The material below contains a line with "Definition classical_wrt_lines (x" and a line with "Lemma eq0_lincomb4 (R". Copy exactly those two lines and all lines between them.
________________
(* Let $p>2$ be a prime, $q=p^h$, and let $\mathcal{F}$ be the projective closure of $ax^ny^m+x^n+y^m=1$ over $\mathbb{F}_q$, where $a\in\mathbb{F}_q$, $a\neq0$, $a\neq-1$. Then for all positive integers $m,n$ with $p\nmid mn$, $\mathcal{F}$ is classical with respect to lines.
   Context: With $\varphi=(1,x,y)$, $\tau$ a separating element of the function field and $D^{(k)}_\tau$ Hasse derivatives, the order sequence w.r.t. lines is the lexicographically smallest $\varepsilon_0<\varepsilon_1<\varepsilon_2$ with $\det(D^{(\varepsilon_i)}_\tau\varphi_j)\neq0$; the curve is classical w.r.t. lines if this sequence is $(0,1,2)$. *)

From HB Require Import structures.
From mathcomp Require Import all_boot all_order all_algebra all_field.
Set Implicit Arguments. Unset Strict Implicit. Unset Printing Implicit Defensive.
Import Order.TTheory GRing.Theory.
Local Open Scope ring_scope.

(* The function field of the curve is modelled abstractly as a field K
   together with the embedding iota : F_q -> K of the constant field. *)
Section FunctionField.
Variables (F : fieldType) (K : fieldType) (iota : {rmorphism F -> K}).

Definition in_Ft (t z : K) : Prop :=
  exists P Q : {poly F}, (map_poly iota Q).[t] != 0 /\
    z = (map_poly iota P).[t] / (map_poly iota Q).[t].

Definition transcendental (t : K) : Prop :=
  forall P : {poly F}, P != 0 -> (map_poly iota P).[t] != 0.

Definition separating (t : K) : Prop :=
  transcendental t /\
  forall z : K, exists g : {poly K},
    [/\ g != 0, (forall i, in_Ft t g`_i), root g z & separable_poly g].

(* evaluation of a bivariate polynomial (inner variable x, outer y) *)
Definition ev2 (x y : K) (P : {poly {poly F}}) : K :=
  (map_poly (fun c : {poly F} => (map_poly iota c).[x]) P).[y].

Definition generated_by (x y : K) : Prop :=
  forall z : K, exists P Q : {poly {poly F}},
    ev2 x y Q != 0 /\ z = ev2 x y P / ev2 x y Q.

Definition hasse_derivation (t : K) (D : nat -> K -> K) : Prop :=
  [/\ forall u, D 0%N u = u,
      forall k u v, D k (u + v) = D k u + D k v,
      forall k u v, D k (u * v) = \sum_(i < k.+1) D i u * D (k - i)%N v,
      forall k c, (0 < k)%N -> D k (iota c) = 0 &
      D 1%N t = 1 /\ forall k, (1 < k)%N -> D k t = 0].

Definition phi (x y : K) (j : 'I_3) : K := nth 0 [:: 1; x; y] j.

Definition wronsk (D : nat -> K -> K) (x y : K) (e0 e1 e2 : nat) : K :=
  \det (\matrix_(i < 3, j < 3) D (nth 0%N [:: e0; e1; e2] i) (phi x y j)).

Definition lex_lt (a0 a1 a2 b0 b1 b2 : nat) : bool :=
  (a0 < b0)%N || ((a0 == b0) && ((a1 < b1)%N || ((a1 == b1) && (a2 < b2)%N))).

Definition order_sequence (D : nat -> K -> K) (x y : K) (e0 e1 e2 : nat) : Prop :=
  [/\ (e0 < e1 < e2)%N, wronsk D x y e0 e1 e2 != 0 &
      forall f0 f1 f2, (f0 < f1 < f2)%N -> wronsk D x y f0 f1 f2 != 0 ->
        ~~ lex_lt f0 f1 f2 e0 e1 e2].

Definition classical_wrt_lines (x y : K) : Prop :=
  forall (t : K) (D : nat -> K -> K), separating t -> hasse_derivation t D ->
    order_sequence D x y 0 1 2.

End FunctionField.

(* Write d = D^(1). In odd characteristic D^(2) = d^2/2, so the Wronskian of
   (1, x, y) for the orders (0, 1, 2) is (dx d^2y - dy d^2x)/2.  With u = x^n,
   differentiating the curve equation gives
   m x (1 - u)(1 + a u) dy + n (1 + a) u y dx = 0, and differentiating once
   more shows that a vanishing Wronskian forces x (dx)^2 dy Q(u) = 0 for the
   quadratic Q = flex_poly a m n, whose constant and leading coefficients
   m (n - 1) and m a (n + 1) cannot both vanish when p <> 2.  Since x, hence u,
   is transcendental, Q(u) <> 0; and dx <> 0, since otherwise d would vanish on
   F(x, y), which contains the separating element t with dt = 1. *)

From HB Require Import structures.
From mathcomp Require Import all_boot all_order all_algebra all_field.
From mathcomp Require Import ring zify.
Import GRing.Theory.
Set Implicit Arguments. Unset Strict Implicit.
Local Open Scope ring_scope.

Lemma eq0_lincomb4 (R : pzRingType) (c1 c2 c3 c4 l1 r1 l2 r2 l3 r3 l4 r4 z : R) :
  l1 = r1 -> l2 = r2 -> l3 = r3 -> l4 = r4 ->
  z = c1 * (l1 - r1) + c2 * (l2 - r2) + c3 * (l3 - r3) + c4 * (l4 - r4) -> z = 0.
Proof. by move=> -> -> -> -> ->; rewrite !subrr !mulr0 !addr0. Qed.

Arguments eq0_lincomb4 {R} c1 c2 c3 c4 {l1 r1 l2 r2 l3 r3 l4 r4 z}.

Definition flex_poly (R : nzRingType) (A : R) (m n : nat) : {poly R} :=
  (m%:R * (n%:R - 1))%:P + (m%:R * (1 - A) - n%:R * (1 + A)) *: 'X
  + (m%:R * A * (n%:R + 1)) *: 'X^2.

Lemma map_flex_poly (R S : nzRingType) (f : {rmorphism R -> S}) A m n :
  map_poly f (flex_poly A m n) = flex_poly (f A) m n.
Proof.
by rewrite /flex_poly !rmorphD /= map_polyC !map_polyZ map_polyX map_polyXn /=
  !(rmorphM, rmorphB, rmorphD, rmorph_nat, rmorph1).
Qed.

Lemma flex_poly_neq0 (R : idomainType) (A : R) m n :
  (2 : R) != 0 -> m%:R != 0 :> R -> A != 0 -> flex_poly A m n != 0.
Proof.
move=> two_neq0 m_neq0 A_neq0; apply: contra two_neq0 => /eqP flex0.
have := congr1 (coefp 0) flex0; have := congr1 (coefp 2) flex0.
rewrite /= !coefD !coefZ !coefC !coefX !coefXn /= !(mulr0, mulr1, addr0, add0r, coef0).
move=> /eqP; rewrite !mulf_eq0 (negbTE m_neq0) (negbTE A_neq0) /= => /eqP n1_eq0.
move=> /eqP; rewrite mulf_eq0 (negbTE m_neq0) /= subr_eq0 => /eqP n_eq1.
by rewrite -n1_eq0 n_eq1.
Qed.

Section Derivation.
Variables (R : comNzRingType) (d : R -> R).
Hypotheses (derD : forall u v, d (u + v) = d u + d v)
           (derM : forall u v, d (u * v) = u * d v + d u * v).

Lemma der0 : d 0 = 0.
Proof. by apply: (addrI (d 0)); rewrite -derD !addr0. Qed.

Lemma der1 : d 1 = 0.
Proof. by apply: (addrI (d 1)); rewrite addr0 -{3}[1]mul1r derM mulr1 mul1r. Qed.

Lemma derN u : d (- u) = - d u.
Proof. by apply: (addrI (d u)); rewrite -derD !subrr der0. Qed.

Lemma der_nat k : d k%:R = 0.
Proof.
elim: k => [|k IHk]; first exact: der0.
by rewrite mulrS derD der1 IHk addr0.
Qed.

Lemma derXn u k : u * d (u ^+ k) = k%:R * u ^+ k * d u.
Proof.
elim: k => [|k IHk]; first by rewrite expr0 der1 mulr0 !mul0r.
by rewrite exprS derM mulrDr IHk; ring.
Qed.

Lemma der_horner (g : {poly R}) z :
  (forall i, d g`_i = 0) -> d g.[z] = g^`().[z] * d z.
Proof.
elim/poly_ind: g => [|g c IHg] dg0; first by rewrite horner0 deriv0 horner0 mul0r der0.
have dc : d c = 0 by have := dg0 0%N; rewrite coefD coefMX coefC add0r.
rewrite hornerMXaddC derivMXaddC !hornerE derD !derM dc IHg; first by ring.
by move=> i; have := dg0 i.+1; rewrite coefD coefMX coefC addr0.
Qed.

Section CurveRelations.
Variables (A : R) (m n : nat) (x y u v : R).
Hypotheses (dA : d A = 0) (du : x * d u = n%:R * u * d x) (dv : y * d v = m%:R * v * d y)
           (curve : A * u * v + u + v = 1).

Lemma curve_der :
  m%:R * x * ((1 - u) * (1 + A * u)) * d y + n%:R * (1 + A) * u * y * d x = 0.
Proof.
have := congr1 d curve; rewrite der1 !(derD, derM) dA => dcurve.
apply: (eq0_lincomb4 (x * y * (1 + A * u))
  (- (A * y * n%:R * u * d x + (1 + A * u) * x * m%:R * d y))
  (- ((1 + A * u) * (1 + A * v) * y)) (- ((1 + A * u) ^+ 2 * x)) dcurve curve du dv).
by ring.
Qed.

Lemma curve_wronsk_flex : d x * d (d y) - d y * d (d x) = 0 ->
  x * d x ^+ 2 * d y * (flex_poly A m n).[u] = 0.
Proof.
(* Multiply [dS0] by x dx; then [S0] eliminates y dx and [du] eliminates x du. *)
move=> W0; have S0 := curve_der.
have := congr1 d S0; rewrite der0 !(derD, derM, derN) der1 dA !der_nat // => dS0.
apply: (eq0_lincomb4 (- (d x * x)) (n%:R * d x ^+ 2 + x * d (d x))
  (m%:R * x ^+ 2 * ((1 - u) * (1 + A * u)))
  (d x * (m%:R * x * (A - 1 - 2 * A * u) * d y + n%:R * (1 + A) * d x * y)) dS0 S0 W0 du).
by rewrite /flex_poly !(hornerD, hornerC, hornerZ, hornerX, hornerXn); ring.
Qed.

End CurveRelations.

End Derivation.

Section FieldDerivation.
Variables (K : fieldType) (d : K -> K).
Hypotheses (derD : forall u v, d (u + v) = d u + d v)
           (derM : forall u v, d (u * v) = u * d v + d u * v).

Lemma der_div_eq0 u v : d u = 0 -> d v = 0 -> d (u / v) = 0.
Proof.
move=> du dv; have [-> | v0] := eqVneq v 0; first by rewrite invr0 mulr0 (der0 derD).
have := derM (u / v) v; rewrite divfK // du dv mulr0 add0r => /esym/eqP.
by rewrite mulf_eq0 (negbTE v0) orbF => /eqP.
Qed.

End FieldDerivation.

Section FunctionField.
Variables (F K : fieldType) (iota : {rmorphism F -> K}).

Lemma transcendental_expn x n :
  (0 < n)%N -> transcendental iota x -> transcendental iota (x ^+ n).
Proof.
move=> n_gt0 trx q q_neq0.
rewrite -[x ^+ n](hornerXn x) -(map_polyXn iota) -horner_comp -map_comp_poly.
by apply: trx; rewrite comp_poly_eq0 // size_polyXn ltnS.
Qed.

Lemma transcendental_horner_neq0 x (q : {poly F}) :
  transcendental iota x -> q.[0] != 0 -> (map_poly iota q).[x] != 0.
Proof. by move=> trx q0; apply: trx; apply: contraNneq q0 => ->; rewrite horner0. Qed.

Variable d : K -> K.
Hypotheses (derD : forall u v, d (u + v) = d u + d v)
           (derM : forall u v, d (u * v) = u * d v + d u * v)
           (der_iota : forall c, d (iota c) = 0).

Lemma der_map_horner (q : {poly F}) z :
  d (map_poly iota q).[z] = (map_poly iota q)^`().[z] * d z.
Proof. by apply: der_horner => // i; rewrite coef_map der_iota. Qed.

Lemma der_separating_eq0 t : separating iota t -> d t = 0 -> forall z, d z = 0.
Proof.
move=> [_ sep_t] dt z; have [g [g_neq0 g_Ft gz sep_g]] := sep_t z.
have dFt w : in_Ft iota t w -> d w = 0.
  by move=> [P [Q [_ ->]]]; apply: der_div_eq0; rewrite // der_map_horner // dt mulr0.
have := der_horner derD derM z (fun i => dFt _ (g_Ft i)).
rewrite (eqP gz) (der0 derD) => /esym/eqP; rewrite mulf_eq0 => /orP[|/eqP //].
by move: sep_g; rewrite unlock => /coprimep_root/(_ gz)/negbTE ->.
Qed.

Lemma der_generated_eq0 x y :
  generated_by iota x y -> d x = 0 -> d y = 0 -> forall z, d z = 0.
Proof.
move=> gen dx dy z; have dev P : d (ev2 iota x y P) = 0.
  rewrite /ev2 der_horner // ?dy ?mulr0 // => i.
  by rewrite coef_map_id0 /= ?map_poly0 ?horner0 // der_map_horner // dx mulr0.
by have [P [Q [_ ->]]] := gen z; apply: der_div_eq0.
Qed.

End FunctionField.

Section Hasse.
Variables (F K : fieldType) (iota : {rmorphism F -> K}) (t : K) (D : nat -> K -> K).
Hypothesis hasseD : hasse_derivation iota t D.

Lemma hasse1D u v : D 1%N (u + v) = D 1%N u + D 1%N v.
Proof. by case: hasseD. Qed.

Lemma hasse1M u v : D 1%N (u * v) = u * D 1%N v + D 1%N u * v.
Proof.
case: hasseD => D0 _ DM _ _.
by rewrite DM !big_ord_recl big_ord0 /= !D0 addr0 addrC.
Qed.

Lemma hasse1_iota c : D 1%N (iota c) = 0.
Proof. by case: hasseD => _ _ _ Diota _; apply: Diota. Qed.

(* D^(2) - d^2/2 is a derivation vanishing on the constants and on t. *)
Lemma hasse2E : (2 : K) != 0 -> separating iota t ->
  forall u, D 2%N u = D 1%N (D 1%N u) / 2.
Proof.
move=> two_neq0 sep_t; case: hasseD => D0 DD DM Diota [Dt1 Dt2].
pose E u := D 2%N u - D 1%N (D 1%N u) / 2.
have ED u v : E (u + v) = E u + E v by rewrite /E !(DD, hasse1D); field.
have EM u v : E (u * v) = u * E v + E u * v.
  by rewrite /E DM !big_ord_recl big_ord0 /= !D0 !hasse1M hasse1D !hasse1M; field.
move=> u; apply/eqP; rewrite -subr_eq0; apply/eqP.
apply: (der_separating_eq0 ED EM _ sep_t) => [c|]; rewrite /E.
  by rewrite !Diota // (der0 hasse1D) mul0r subrr.
by rewrite Dt2 // Dt1 (der1 hasse1M) mul0r subrr.
Qed.

Lemma hasse_wronsk012 x y :
  wronsk D x y 0 1 2 = D 1%N x * D 2%N y - D 1%N y * D 2%N x.
Proof.
case: hasseD => D0 _ _ Diota _.
have D1 k : (0 < k)%N -> D k 1 = 0 by move=> k_gt0; rewrite -(rmorph1 iota) Diota.
rewrite /wronsk (expand_det_col _ 0) !big_ord_recl big_ord0 !mxE /= D0 !D1 //.
rewrite !mul0r !addr0 /cofactor /= expr0 mul1r (expand_det_col _ 0) !big_ord_recl big_ord0.
by rewrite /cofactor !det_mx11 !mxE /phi /= /bump /=; ring.
Qed.

End Hasse.

Lemma order_sequence012 (K : fieldType) (D : nat -> K -> K) x y :
  wronsk D x y 0 1 2 != 0 -> order_sequence D x y 0 1 2.
Proof.
by move=> W_neq0; split=> // f0 f1 f2 f_incr _; rewrite /lex_lt; lia.
Qed.

Section Curve.
Variables (F K : fieldType) (iota : {rmorphism F -> K}) (a : F) (m n : nat) (x y : K).
Hypotheses (m_gt0 : (0 < m)%N) (n_gt0 : (0 < n)%N)
  (curve : iota a * x ^+ n * y ^+ m + x ^+ n + y ^+ m = 1) (trx : transcendental iota x).

Lemma curve_x_neq0 : x != 0.
Proof. by have := trx (negbT (polyX_eq0 _)); rewrite map_polyX hornerX. Qed.

Lemma curve_1Bu_neq0 : 1 - x ^+ n != 0.
Proof.
have := transcendental_horner_neq0 (q := 1 - 'X) (transcendental_expn n_gt0 trx).
by rewrite rmorphB /= map_polyX rmorph1 !hornerE subr0 => ->; rewrite ?oner_neq0.
Qed.

Lemma curve_1Du_neq0 : 1 + iota a * x ^+ n != 0.
Proof.
have := transcendental_horner_neq0 (q := 1 + a *: 'X) (transcendental_expn n_gt0 trx).
by rewrite rmorphD /= map_polyZ map_polyX rmorph1 !hornerE => ->; rewrite ?oner_neq0.
Qed.

Lemma curve_y_neq0 : y != 0.
Proof.
apply: contra_neq curve_1Bu_neq0 => y0.
by move: curve; rewrite y0 expr0n (gtn_eqF m_gt0) mulr0 add0r addr0 => ->; rewrite subrr.
Qed.

Variables (d : K -> K) (t : K).
Hypotheses (derD : forall u v, d (u + v) = d u + d v)
           (derM : forall u v, d (u * v) = u * d v + d u * v)
           (der_iota : forall c, d (iota c) = 0).
Hypotheses (gen : generated_by iota x y) (dt : d t = 1).
Hypotheses (two_neq0 : (2 : F) != 0) (m_neq0 : m%:R != 0 :> F) (n_neq0 : n%:R != 0 :> F)
           (a_neq0 : a != 0) (a_neqN1 : a != -1).

Let natK k : k%:R != 0 :> F -> k%:R != 0 :> K.
Proof. by rewrite -(rmorph_nat iota) fmorph_eq0. Qed.

Let curve_der_xy : m%:R * x * ((1 - x ^+ n) * (1 + iota a * x ^+ n)) * d y
  + n%:R * (1 + iota a) * x ^+ n * y * d x = 0.
Proof. exact (curve_der derD derM (der_iota a) (derXn derM x n) (derXn derM y m) curve). Qed.

Lemma curve_dx_neq0 : d x != 0.
Proof.
apply/eqP => dx0; have dy0 : d y = 0.
  move: curve_der_xy; rewrite dx0 mulr0 addr0 => /eqP.
  rewrite !mulf_eq0 (negbTE (natK m_neq0)) (negbTE curve_x_neq0).
  by rewrite (negbTE curve_1Bu_neq0) (negbTE curve_1Du_neq0) => /eqP.
by have := oner_neq0 K; rewrite -dt (der_generated_eq0 derD derM der_iota gen dx0 dy0) eqxx.
Qed.

Lemma curve_dy_neq0 : d y != 0.
Proof.
have A1_neq0 : 1 + iota a != 0.
  by rewrite -(rmorph1 iota) -rmorphD fmorph_eq0 addrC addr_eq0.
apply/eqP => dy0; move: curve_der_xy; rewrite dy0 mulr0 add0r => /eqP.
rewrite !mulf_eq0 (negbTE (natK n_neq0)) (negbTE A1_neq0) expf_eq0 (negbTE curve_x_neq0).
by rewrite andbF (negbTE curve_y_neq0) (negbTE curve_dx_neq0).
Qed.

Lemma curve_wronsk_neq0 : d x * d (d y) - d y * d (d x) != 0.
Proof.
apply/eqP => W0.
have := curve_wronsk_flex derD derM (der_iota a) (derXn derM x n) (derXn derM y m) curve W0.
apply/eqP; rewrite !mulf_neq0 ?expf_neq0 ?curve_x_neq0 ?curve_dx_neq0 ?curve_dy_neq0 //.
rewrite -map_flex_poly; apply: (transcendental_expn n_gt0 trx); exact: flex_poly_neq0.
Qed.

End Curve.

Unset Implicit Arguments.
Theorem proposition4p1 (p h : nat) (F : finFieldType) (K : fieldType)
    (iota : {rmorphism F -> K}) (a : F) (x y : K) (m n : nat) :
  prime p -> (2 < p)%N -> (0 < h)%N -> #|F| = (p ^ h)%N ->
  a != 0 -> a != -1 ->
  (0 < m)%N -> (0 < n)%N -> ~~ (p %| m * n)%N ->
  iota a * x ^+ n * y ^+ m + x ^+ n + y ^+ m = 1 ->
  transcendental iota x -> generated_by iota x y ->
  classical_wrt_lines iota x y.
Proof.
move=> p_prime p_gt2 _ cardF a_neq0 a_neqN1 m_gt0 n_gt0 p_ndvd_mn curve trx gen t D sep_t hasseD.
have natF k : ~~ (p %| k)%N -> k%:R != 0 :> F.
  by rewrite (dvdn_pcharf (card_finPcharP cardF p_prime)).
have two_neq0 : (2 : F) != 0 by apply: natF; rewrite gtnNdvd.
have m_neq0 : m%:R != 0 :> F.
  by apply: natF; apply: contra p_ndvd_mn => /dvdn_mulr->.
have n_neq0 : n%:R != 0 :> F.
  by apply: natF; apply: contra p_ndvd_mn => /dvdn_mull->.
have two_neq0K : (2 : K) != 0 by rewrite -(rmorph_nat iota) fmorph_eq0.
apply: order_sequence012; rewrite (hasse_wronsk012 hasseD) !(hasse2E hasseD) //.
rewrite !mulrA -mulrBl mulf_neq0 ?invr_neq0 //.
have [_ _ _ _ [Dt1 _]] := hasseD.
exact (curve_wronsk_neq0 m_gt0 n_gt0 curve trx (hasse1D hasseD) (hasse1M hasseD)
  (hasse1_iota hasseD) gen Dt1 two_neq0 m_neq0 n_neq0 a_neq0 a_neqN1).
Qed.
________________
COMPLETED EXERCISE:
Definition classical_wrt_lines (x y : K) : Prop :=
  forall (t : K) (D : nat -> K -> K), separating t -> hasse_derivation t D ->
    order_sequence D x y 0 1 2.

End FunctionField.

(* Write d = D^(1). In odd characteristic D^(2) = d^2/2, so the Wronskian of
   (1, x, y) for the orders (0, 1, 2) is (dx d^2y - dy d^2x)/2.  With u = x^n,
   differentiating the curve equation gives
   m x (1 - u)(1 + a u) dy + n (1 + a) u y dx = 0, and differentiating once
   more shows that a vanishing Wronskian forces x (dx)^2 dy Q(u) = 0 for the
   quadratic Q = flex_poly a m n, whose constant and leading coefficients
   m (n - 1) and m a (n + 1) cannot both vanish when p <> 2.  Since x, hence u,
   is transcendental, Q(u) <> 0; and dx <> 0, since otherwise d would vanish on
   F(x, y), which contains the separating element t with dt = 1. *)

From HB Require Import structures.
From mathcomp Require Import all_boot all_order all_algebra all_field.
From mathcomp Require Import ring zify.
Import GRing.Theory.
Set Implicit Arguments. Unset Strict Implicit.
Local Open Scope ring_scope.

Lemma eq0_lincomb4 (R : pzRingType) (c1 c2 c3 c4 l1 r1 l2 r2 l3 r3 l4 r4 z : R) :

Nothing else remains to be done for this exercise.